RSO bridges the distributional gap by constructing preference pairs that are statistically closer to those originating from the target post-alignment distribution.
4. Unified Preference Modeling Framework
The paper integrates DPO and SLiC (Sequence Likelihood Calibration) within a unified theoretical framework, observing that they differ primarily in their loss formulations:
- DPO: Employs a logistic (sigmoid cross-entropy) loss, corresponding to probabilistic preference modeling.
- SLiC: Uses margin-based hinge loss, akin to an SVM, with or without normalization.
- These families can be generalized and cross-applied, supporting robust preference optimization across a spectrum of loss functions and regularization schemes.
This unified view allows rigorously principled comparisons and hybrid methods, as loss choice directly controls the tradeoff between probabilistic modeling and margin-enforced separation.
5. Empirical Validation and Performance Comparison
The RSO methodology is empirically evaluated across summarization and dialogue tasks using LLMs of varying sizes (e.g., T5-large and T5-XXL), employing both model-based (e.g., PaLM 2) and human evaluations:
- Summarization: On Reddit TL;DR, RSO achieves higher proxy and human-judge win rates compared to DPO and SLiC (e.g., RSO 93.36% vs DPO 84.35% on the proxy reward for T5-XXL).
- Dialogue alignment: On AnthropicHH, RSO achieves up to 40.98% win rate (AutoSxS; PaLM 2-L), surpassing DPO and SLiC baselines.
- Human Preferences: RSO-generated policies receive the highest preference choice fractions and qualitative scores from human raters.
- Ablation and Transfer: RSO demonstrates robust performance with varying sample/ranking strategies and transfers well to out-of-domain tasks such as CNN/DailyMail summarization.
- Computational cost: The rejection sampling and extra candidate evaluation incur negligible overhead compared to total training, and scale efficiently with parallelization.
RLHF | SLiC | DPO | RSO (Ours) | |
---|---|---|---|---|
Reward Model | Yes | Yes (ranking) | No | Yes (pairwise) |
Sampling | Online | SFT | None | SFT+Rejection |
Pair Source | On-Pol | SFT decodes | Human data | Rejection-sampled |
Loss | RL/PPO | Contrastive | Logistic (DPO) | Any (unified) |
Alignment | Optimal | Misspecified | Misspecified | Closer to opt |
Stability/Scalability | Poor/Costly | High | High | High |
Performance | Good | Good | Good | Best |
6. Implications and Future Research
RSO broadens the practical utility of direct preference optimization by:
- Scalability: Extending naturally to large LLMs and parallelized, batched offline pipelines.
- Generalizability: Applicability across a wide variety of sequence modeling and preference-task domains (summarization, dialogue, open-ended generation).
- Online and Multi-objective Settings: Potential generalization to online variants, fairness- or harmlessness-aware preference sampling, and multi-objective fine-tuning.
- Reward Model Improvements: Future improvements may arise from joint or active reward model learning within the RSO pipeline.
- Non-human/Efficient Feedback: The construction of preference data via AIF (AI feedback) processes is compatible, enabling alignment with limited human annotation.
7. Summary and Comparative Perspective
Statistical Rejection Sampling Optimization advances the DPO framework by rectifying the critical distributional mismatch between preference pair construction and optimal model training.

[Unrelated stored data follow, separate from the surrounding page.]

Lemma compact_closed_disjoint_dist_gt0 {B Q : set V} : compact B -> closed Q ->
  B `&` Q = set0 -> exists2 eta, 0 < eta & forall u v, B u -> Q v -> eta <= `|u - v|.
Proof.
move=> cB clQ BQ0; apply: contrapT => no_eta.
have close_pair j : exists uv : V * V,
    B uv.1 /\ Q uv.2 /\ `|uv.1 - uv.2| < j.+1%:R^-1.
  apply: contrapT => no_pair; apply: no_eta; exists j.+1%:R^-1; first by rewrite invr_gt0.
  move=> u v Bu Qv; rewrite leNgt; apply/negP => lt_uv; apply: no_pair; by exists (u, v).
have [uv Huv] := choice close_pair.
have [z [Bz near_z]] := compact_frequently_near (S := setT) (y := fun j => (uv j).1) cB
  (fun K => ex_intro _ K (conj (leqnn K) (conj (Huv K).1 I))).
suff Qz : Q z by have : (B `&` Q) z by []; rewrite BQ0.
apply: clQ => W /nbhs_ballP [e e0 eW].
have e2 : 0 < e / 2 by rewrite divr_gt0.
have [K1 _ small_inv] := near_infty_natSinv_lt (PosNum e2).
have [k [K1k [_ zk]]] := near_z (e / 2) e2 K1.
exists (uv k).2; split; first exact: (Huv k).2.1.
apply: eW; rewrite -ball_normE /=.
apply: le_lt_trans (ler_distD (uv k).1 _ _) _; rewrite [e]splitr ltrD //.
exact: lt_trans (Huv k).2.2 (small_inv k K1k).
Qed.

End SequenceTopology.

Lemma closed_cluster {T : topologicalType} (F : set_system T) : closed (cluster F).
Proof. by rewrite clusterE; apply: closed_bigI => A _; exact: closed_closure. Qed.

Lemma rV_closed_ball_compact {R : realType} {n : nat} (p : 'rV[R]_n) {s : R} :
  0 < s -> compact [set w | `|p - w| <= s].
Proof.
move=> s0; apply: bounded_closed_compact.
  exists (`|p| + s); split; first exact: num_real.
  move=> M ltM w /= pw; apply/ltW/(le_lt_trans _ ltM).
  by rewrite -[w](subrKC p) (le_trans (ler_normD _ _)) // lerD2l distrC.
by have := @closed_ball_closed _ _ p s; rewrite closed_ballE.
Qed.

Section SufficientDecrease.
Context {R : realType} {n : nat} {f : 'rV[R]_n -> R} {x d : nat -> 'rV[R]_n}
  {t : nat -> R} {L kappa delta m : R} {N : nat}.
Hypotheses (Hx : forall k, x k.+1 = x k + t k *: d k) (Ht : forall k, 0 <= t k)
  (Hm : forall k, m <= f (x k)) (HL : 0 < L) (Hdesc : L_descent f L)
  (Hsd : forall k, dotp (grad f (x k)) (d k) <= - kappa * enorm (d k) ^+ 2)
  (Hdelta : 0 < delta) (HtN : forall k, (N <= k)%N -> t k <= (2 * kappa - delta) / L).

Lemma sufficient_decrease k : (N <= k)%N ->
  f (x k.+1) <= f (x k) - delta / 2 * (t k * enorm (d k) ^+ 2).
Proof.
move=> Nk; have := Hdesc (x k) (x k.+1).
have -> : x k.+1 - x k = t k *: d k by rewrite Hx addrAC subrr add0r.
rewrite dotpZr enormZ_sqr.
set g := dotp _ _; set e2 := enorm (d k) ^+ 2.
have e2_ge0 : 0 <= e2 by rewrite exprn_ge0 // enorm_ge0.
have Ltk : L * t k <= 2 * kappa - delta.
  by have := HtN k Nk; rewrite ler_pdivlMr // mulrC.
have : t k * g <= t k * (- kappa * e2) by rewrite ler_wpM2l // Hsd.
have : (L * t k) * (t k * e2) <= (2 * kappa - delta) * (t k * e2).
  by rewrite ler_wpM2r // mulr_ge0.
have -> : L / 2 * (t k ^+ 2 * e2) = (L * t k) * (t k * e2) / 2.
  by rewrite expr2; field.
lra.
Qed.

Lemma telescoped_decrease j :
  delta / 2 * \sum_(N <= k < N + j) t k * enorm (d k) ^+ 2 <= f (x N) - f (x (N + j)%N).
Proof.
elim: j => [|j IH]; first by rewrite addn0 big_geq // subrr mulr0.
rewrite addnS big_nat_recr /= ?leq_addr //.
have := sufficient_decrease _ (leq_addr j N); lra.
Qed.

It develops a theoretically optimal, practical scheme for preference pair generation, empirically validated across robust benchmarks. RSO achieves improvements over previous SOTA methods (RLHF, SLiC, DPO) in terms of alignment accuracy and stability, while maintaining scalable, straightforward workflows with modest computational requirements. The integration of unified preference modeling provides added clarity and extensibility for future investigations into efficient and reliable preference alignment.